▶ **EXERCISE REQUIREMENTS**
Repeat exactly the lines from the start of the material below up to and including the "C^0 thus gives" line.
###
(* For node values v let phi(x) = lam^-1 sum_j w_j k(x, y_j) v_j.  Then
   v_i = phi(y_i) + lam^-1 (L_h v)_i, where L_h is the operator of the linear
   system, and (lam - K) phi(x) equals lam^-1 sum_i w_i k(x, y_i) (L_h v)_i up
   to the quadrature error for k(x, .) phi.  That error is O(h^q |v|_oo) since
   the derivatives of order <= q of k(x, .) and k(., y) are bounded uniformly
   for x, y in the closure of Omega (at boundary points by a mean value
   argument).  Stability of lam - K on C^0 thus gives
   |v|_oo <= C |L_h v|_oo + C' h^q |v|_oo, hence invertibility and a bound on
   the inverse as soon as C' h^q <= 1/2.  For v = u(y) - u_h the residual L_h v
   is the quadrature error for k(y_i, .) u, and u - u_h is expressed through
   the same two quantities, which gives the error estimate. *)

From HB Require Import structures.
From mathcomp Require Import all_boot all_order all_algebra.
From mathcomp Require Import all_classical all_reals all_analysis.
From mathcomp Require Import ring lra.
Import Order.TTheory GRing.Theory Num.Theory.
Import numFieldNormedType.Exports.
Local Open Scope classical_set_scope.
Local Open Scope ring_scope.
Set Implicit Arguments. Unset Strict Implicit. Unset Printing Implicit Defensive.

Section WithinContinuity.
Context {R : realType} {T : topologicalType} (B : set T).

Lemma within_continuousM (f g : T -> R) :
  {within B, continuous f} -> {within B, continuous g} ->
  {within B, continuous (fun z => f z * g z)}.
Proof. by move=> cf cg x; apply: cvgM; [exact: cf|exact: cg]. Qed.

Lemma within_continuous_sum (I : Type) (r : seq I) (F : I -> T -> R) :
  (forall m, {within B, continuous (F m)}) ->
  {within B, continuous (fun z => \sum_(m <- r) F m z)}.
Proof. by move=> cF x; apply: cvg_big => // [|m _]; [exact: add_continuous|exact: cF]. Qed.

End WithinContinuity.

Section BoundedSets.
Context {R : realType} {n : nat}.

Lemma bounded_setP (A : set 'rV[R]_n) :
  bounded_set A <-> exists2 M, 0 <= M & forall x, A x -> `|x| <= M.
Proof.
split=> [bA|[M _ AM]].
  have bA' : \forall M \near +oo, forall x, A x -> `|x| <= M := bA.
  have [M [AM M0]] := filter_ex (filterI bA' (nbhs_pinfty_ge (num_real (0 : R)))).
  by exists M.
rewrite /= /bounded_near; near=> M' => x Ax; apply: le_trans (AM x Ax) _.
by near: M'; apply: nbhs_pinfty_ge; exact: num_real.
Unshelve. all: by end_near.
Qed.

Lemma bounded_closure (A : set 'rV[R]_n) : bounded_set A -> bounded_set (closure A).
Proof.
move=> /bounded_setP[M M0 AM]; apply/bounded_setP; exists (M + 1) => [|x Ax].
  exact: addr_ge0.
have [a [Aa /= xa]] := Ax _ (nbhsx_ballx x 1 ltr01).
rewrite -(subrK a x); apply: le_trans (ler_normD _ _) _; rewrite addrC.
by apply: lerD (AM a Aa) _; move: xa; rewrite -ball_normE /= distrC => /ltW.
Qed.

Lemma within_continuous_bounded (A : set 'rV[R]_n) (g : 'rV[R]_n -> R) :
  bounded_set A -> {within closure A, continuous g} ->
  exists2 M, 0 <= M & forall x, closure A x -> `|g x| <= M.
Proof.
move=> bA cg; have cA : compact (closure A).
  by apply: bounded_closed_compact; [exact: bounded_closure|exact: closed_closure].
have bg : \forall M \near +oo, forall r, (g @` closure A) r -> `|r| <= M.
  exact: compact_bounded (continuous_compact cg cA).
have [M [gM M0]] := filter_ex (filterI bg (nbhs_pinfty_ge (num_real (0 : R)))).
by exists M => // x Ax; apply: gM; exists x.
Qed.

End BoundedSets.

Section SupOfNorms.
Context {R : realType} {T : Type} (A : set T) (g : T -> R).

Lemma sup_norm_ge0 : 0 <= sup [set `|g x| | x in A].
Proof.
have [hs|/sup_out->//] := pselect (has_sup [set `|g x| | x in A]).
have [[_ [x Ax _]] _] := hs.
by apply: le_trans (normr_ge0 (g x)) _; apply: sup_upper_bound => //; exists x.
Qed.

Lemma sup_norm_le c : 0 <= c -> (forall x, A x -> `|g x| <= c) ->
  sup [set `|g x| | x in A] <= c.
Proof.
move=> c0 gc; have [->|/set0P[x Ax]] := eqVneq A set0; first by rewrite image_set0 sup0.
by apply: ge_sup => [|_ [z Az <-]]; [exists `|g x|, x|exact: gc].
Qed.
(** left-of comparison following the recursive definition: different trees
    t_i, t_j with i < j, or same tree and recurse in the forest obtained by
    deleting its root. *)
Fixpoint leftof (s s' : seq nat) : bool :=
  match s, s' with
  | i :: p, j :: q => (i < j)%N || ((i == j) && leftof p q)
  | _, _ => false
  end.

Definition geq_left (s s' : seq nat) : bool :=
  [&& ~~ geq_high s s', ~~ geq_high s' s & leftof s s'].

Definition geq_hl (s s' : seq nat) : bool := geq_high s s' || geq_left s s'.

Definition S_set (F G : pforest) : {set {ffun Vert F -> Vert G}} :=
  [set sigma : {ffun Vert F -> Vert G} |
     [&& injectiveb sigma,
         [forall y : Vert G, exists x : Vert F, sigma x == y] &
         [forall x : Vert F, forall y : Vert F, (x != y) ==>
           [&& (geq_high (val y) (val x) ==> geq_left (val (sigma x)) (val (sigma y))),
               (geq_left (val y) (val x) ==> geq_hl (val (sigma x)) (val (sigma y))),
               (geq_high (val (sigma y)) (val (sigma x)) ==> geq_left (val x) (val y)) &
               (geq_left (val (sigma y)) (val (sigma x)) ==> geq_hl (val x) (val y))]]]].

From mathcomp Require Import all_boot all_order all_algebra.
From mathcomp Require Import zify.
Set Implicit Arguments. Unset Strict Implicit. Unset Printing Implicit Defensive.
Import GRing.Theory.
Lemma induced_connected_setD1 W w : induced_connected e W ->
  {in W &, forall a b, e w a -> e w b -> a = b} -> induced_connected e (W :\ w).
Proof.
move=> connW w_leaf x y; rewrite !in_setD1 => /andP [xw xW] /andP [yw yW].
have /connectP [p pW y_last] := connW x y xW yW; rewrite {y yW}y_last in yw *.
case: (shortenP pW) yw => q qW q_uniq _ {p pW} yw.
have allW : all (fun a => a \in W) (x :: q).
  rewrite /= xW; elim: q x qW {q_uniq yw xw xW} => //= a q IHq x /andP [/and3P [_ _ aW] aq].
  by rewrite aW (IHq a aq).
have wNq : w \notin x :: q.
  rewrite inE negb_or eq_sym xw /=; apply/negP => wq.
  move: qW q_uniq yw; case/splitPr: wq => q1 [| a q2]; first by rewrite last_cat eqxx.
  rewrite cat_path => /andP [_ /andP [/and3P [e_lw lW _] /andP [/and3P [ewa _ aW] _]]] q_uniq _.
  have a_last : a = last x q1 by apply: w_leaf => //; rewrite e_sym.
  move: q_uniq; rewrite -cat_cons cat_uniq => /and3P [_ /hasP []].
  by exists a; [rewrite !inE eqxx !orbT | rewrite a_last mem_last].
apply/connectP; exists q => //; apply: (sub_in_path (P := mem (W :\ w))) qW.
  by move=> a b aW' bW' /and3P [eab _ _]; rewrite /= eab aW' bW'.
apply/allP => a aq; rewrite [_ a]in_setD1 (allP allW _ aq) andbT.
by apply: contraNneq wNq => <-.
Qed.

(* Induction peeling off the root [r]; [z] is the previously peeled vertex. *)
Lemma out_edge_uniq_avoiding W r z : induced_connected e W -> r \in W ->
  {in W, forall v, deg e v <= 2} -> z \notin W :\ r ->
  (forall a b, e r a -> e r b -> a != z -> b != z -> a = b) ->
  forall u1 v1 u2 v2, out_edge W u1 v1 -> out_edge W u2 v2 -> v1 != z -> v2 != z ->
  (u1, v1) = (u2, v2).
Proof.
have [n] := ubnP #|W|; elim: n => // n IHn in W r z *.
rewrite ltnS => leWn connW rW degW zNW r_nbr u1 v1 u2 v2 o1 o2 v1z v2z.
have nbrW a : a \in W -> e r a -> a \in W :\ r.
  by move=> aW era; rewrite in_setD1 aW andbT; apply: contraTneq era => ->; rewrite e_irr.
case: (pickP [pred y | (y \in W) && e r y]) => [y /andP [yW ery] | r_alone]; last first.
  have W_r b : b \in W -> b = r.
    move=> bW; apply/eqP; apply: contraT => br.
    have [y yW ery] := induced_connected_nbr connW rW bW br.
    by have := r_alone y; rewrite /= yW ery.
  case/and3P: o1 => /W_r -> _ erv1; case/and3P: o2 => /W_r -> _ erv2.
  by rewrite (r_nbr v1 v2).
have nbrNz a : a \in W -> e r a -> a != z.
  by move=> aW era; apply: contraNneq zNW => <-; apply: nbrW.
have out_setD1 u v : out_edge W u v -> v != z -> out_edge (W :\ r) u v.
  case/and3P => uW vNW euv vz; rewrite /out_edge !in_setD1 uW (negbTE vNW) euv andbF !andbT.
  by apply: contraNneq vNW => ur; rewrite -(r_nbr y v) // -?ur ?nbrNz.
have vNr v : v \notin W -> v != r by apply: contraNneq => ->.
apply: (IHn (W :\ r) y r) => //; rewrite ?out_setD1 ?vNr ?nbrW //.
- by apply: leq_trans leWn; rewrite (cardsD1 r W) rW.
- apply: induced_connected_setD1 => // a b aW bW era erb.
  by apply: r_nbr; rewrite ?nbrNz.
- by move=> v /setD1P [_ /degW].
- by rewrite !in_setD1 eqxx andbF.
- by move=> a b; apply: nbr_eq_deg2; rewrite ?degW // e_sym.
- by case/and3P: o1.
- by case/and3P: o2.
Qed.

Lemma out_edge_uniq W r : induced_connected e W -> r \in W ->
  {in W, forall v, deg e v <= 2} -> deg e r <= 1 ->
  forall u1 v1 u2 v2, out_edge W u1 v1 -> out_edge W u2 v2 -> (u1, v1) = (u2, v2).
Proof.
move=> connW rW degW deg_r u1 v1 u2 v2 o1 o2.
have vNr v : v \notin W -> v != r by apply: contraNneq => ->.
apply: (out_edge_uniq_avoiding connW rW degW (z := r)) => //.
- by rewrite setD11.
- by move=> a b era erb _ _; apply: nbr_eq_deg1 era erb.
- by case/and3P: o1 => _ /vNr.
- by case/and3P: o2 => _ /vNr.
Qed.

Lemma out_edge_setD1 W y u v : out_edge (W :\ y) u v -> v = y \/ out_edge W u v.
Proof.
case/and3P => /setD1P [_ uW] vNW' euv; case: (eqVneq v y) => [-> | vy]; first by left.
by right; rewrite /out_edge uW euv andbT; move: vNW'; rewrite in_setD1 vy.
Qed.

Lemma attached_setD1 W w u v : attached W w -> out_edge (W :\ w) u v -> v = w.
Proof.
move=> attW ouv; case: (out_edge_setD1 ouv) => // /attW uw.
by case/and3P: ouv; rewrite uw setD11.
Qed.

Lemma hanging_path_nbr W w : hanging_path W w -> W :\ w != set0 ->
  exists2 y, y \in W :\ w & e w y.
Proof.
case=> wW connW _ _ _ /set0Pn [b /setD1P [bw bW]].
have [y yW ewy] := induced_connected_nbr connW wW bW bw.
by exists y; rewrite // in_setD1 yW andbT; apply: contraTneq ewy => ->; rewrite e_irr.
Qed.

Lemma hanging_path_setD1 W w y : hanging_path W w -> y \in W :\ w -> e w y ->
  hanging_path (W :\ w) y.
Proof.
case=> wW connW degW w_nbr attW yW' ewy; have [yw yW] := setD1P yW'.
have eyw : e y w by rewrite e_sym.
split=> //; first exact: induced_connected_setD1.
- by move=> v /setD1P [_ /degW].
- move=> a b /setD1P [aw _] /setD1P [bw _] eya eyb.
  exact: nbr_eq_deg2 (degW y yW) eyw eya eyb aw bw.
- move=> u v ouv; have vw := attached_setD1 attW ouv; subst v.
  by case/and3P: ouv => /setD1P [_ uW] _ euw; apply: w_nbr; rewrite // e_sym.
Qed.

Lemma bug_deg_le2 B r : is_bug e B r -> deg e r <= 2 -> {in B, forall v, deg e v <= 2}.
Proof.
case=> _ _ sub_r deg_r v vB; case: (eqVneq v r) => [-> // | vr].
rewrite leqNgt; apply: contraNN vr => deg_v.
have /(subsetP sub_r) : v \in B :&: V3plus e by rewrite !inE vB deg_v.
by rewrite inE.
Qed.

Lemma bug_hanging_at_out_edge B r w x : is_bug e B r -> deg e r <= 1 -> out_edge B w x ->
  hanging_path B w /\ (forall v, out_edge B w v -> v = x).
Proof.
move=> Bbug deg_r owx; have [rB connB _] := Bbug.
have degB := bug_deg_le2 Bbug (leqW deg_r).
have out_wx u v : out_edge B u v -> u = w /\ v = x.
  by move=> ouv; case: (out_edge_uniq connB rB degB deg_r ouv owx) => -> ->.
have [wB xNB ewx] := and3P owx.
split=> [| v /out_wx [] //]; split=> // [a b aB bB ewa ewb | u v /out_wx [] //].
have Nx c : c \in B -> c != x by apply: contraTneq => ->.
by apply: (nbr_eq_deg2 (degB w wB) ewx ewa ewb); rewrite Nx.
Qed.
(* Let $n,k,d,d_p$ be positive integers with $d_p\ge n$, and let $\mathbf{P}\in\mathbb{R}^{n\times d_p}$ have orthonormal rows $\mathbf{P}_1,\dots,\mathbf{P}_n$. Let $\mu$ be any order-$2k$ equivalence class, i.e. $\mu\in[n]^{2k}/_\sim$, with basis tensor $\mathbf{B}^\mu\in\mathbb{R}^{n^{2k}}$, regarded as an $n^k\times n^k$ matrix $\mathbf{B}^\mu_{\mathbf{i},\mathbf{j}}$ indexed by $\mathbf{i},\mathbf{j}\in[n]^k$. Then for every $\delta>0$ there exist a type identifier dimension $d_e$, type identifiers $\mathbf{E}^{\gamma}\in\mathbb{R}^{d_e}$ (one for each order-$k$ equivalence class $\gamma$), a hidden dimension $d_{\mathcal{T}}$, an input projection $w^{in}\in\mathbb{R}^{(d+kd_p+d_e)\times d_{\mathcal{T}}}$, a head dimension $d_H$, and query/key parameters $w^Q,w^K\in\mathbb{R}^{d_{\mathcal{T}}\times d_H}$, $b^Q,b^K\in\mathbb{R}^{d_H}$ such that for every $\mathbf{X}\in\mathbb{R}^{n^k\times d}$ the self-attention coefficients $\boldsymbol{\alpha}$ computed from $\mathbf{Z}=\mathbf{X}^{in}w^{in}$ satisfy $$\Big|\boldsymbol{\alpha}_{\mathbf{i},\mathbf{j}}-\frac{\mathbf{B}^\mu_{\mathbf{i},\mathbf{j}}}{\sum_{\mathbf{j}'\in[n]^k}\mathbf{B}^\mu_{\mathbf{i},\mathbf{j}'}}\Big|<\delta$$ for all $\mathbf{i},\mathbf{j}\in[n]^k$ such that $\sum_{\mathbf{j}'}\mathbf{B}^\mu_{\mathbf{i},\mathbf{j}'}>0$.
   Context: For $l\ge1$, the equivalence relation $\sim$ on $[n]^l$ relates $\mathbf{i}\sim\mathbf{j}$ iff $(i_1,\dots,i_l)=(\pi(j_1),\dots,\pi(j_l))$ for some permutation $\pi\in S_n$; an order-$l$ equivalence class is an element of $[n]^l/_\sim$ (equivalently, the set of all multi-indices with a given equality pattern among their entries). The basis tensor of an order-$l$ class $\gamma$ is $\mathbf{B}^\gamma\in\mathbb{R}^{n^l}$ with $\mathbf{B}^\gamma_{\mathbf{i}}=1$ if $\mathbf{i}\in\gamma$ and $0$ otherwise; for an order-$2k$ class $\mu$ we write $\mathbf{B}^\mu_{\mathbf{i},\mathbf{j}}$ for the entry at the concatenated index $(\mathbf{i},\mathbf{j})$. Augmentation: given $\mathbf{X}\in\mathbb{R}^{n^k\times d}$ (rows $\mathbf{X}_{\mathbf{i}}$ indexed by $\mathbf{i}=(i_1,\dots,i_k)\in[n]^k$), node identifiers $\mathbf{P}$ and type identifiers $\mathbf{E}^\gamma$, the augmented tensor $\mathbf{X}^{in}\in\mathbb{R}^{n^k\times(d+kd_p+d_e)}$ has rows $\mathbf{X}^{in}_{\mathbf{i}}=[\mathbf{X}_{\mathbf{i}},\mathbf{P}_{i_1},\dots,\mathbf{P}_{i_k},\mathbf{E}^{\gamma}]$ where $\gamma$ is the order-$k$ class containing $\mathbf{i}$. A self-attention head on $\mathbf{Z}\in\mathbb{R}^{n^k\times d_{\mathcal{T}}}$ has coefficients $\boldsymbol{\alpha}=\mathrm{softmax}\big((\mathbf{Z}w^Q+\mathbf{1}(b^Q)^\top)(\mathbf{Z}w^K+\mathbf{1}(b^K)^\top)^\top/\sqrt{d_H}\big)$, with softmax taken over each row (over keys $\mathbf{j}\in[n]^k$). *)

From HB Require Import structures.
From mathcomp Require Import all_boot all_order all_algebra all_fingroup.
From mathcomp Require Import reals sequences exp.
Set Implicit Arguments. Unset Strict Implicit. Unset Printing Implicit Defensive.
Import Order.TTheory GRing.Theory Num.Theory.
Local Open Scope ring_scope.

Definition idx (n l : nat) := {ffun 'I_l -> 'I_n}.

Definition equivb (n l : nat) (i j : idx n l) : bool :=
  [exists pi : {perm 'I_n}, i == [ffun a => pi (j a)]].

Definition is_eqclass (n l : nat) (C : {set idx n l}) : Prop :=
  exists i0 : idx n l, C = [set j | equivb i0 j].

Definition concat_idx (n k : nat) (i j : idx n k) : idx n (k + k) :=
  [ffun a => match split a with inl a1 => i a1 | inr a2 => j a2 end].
###
▶ **ANSWER BOX**
(* For node values v let phi(x) = lam^-1 sum_j w_j k(x, y_j) v_j.  Then
   v_i = phi(y_i) + lam^-1 (L_h v)_i, where L_h is the operator of the linear
   system, and (lam - K) phi(x) equals lam^-1 sum_i w_i k(x, y_i) (L_h v)_i up
   to the quadrature error for k(x, .) phi.  That error is O(h^q |v|_oo) since
   the derivatives of order <= q of k(x, .) and k(., y) are bounded uniformly
   for x, y in the closure of Omega (at boundary points by a mean value
   argument).  Stability of lam - K on C^0 thus gives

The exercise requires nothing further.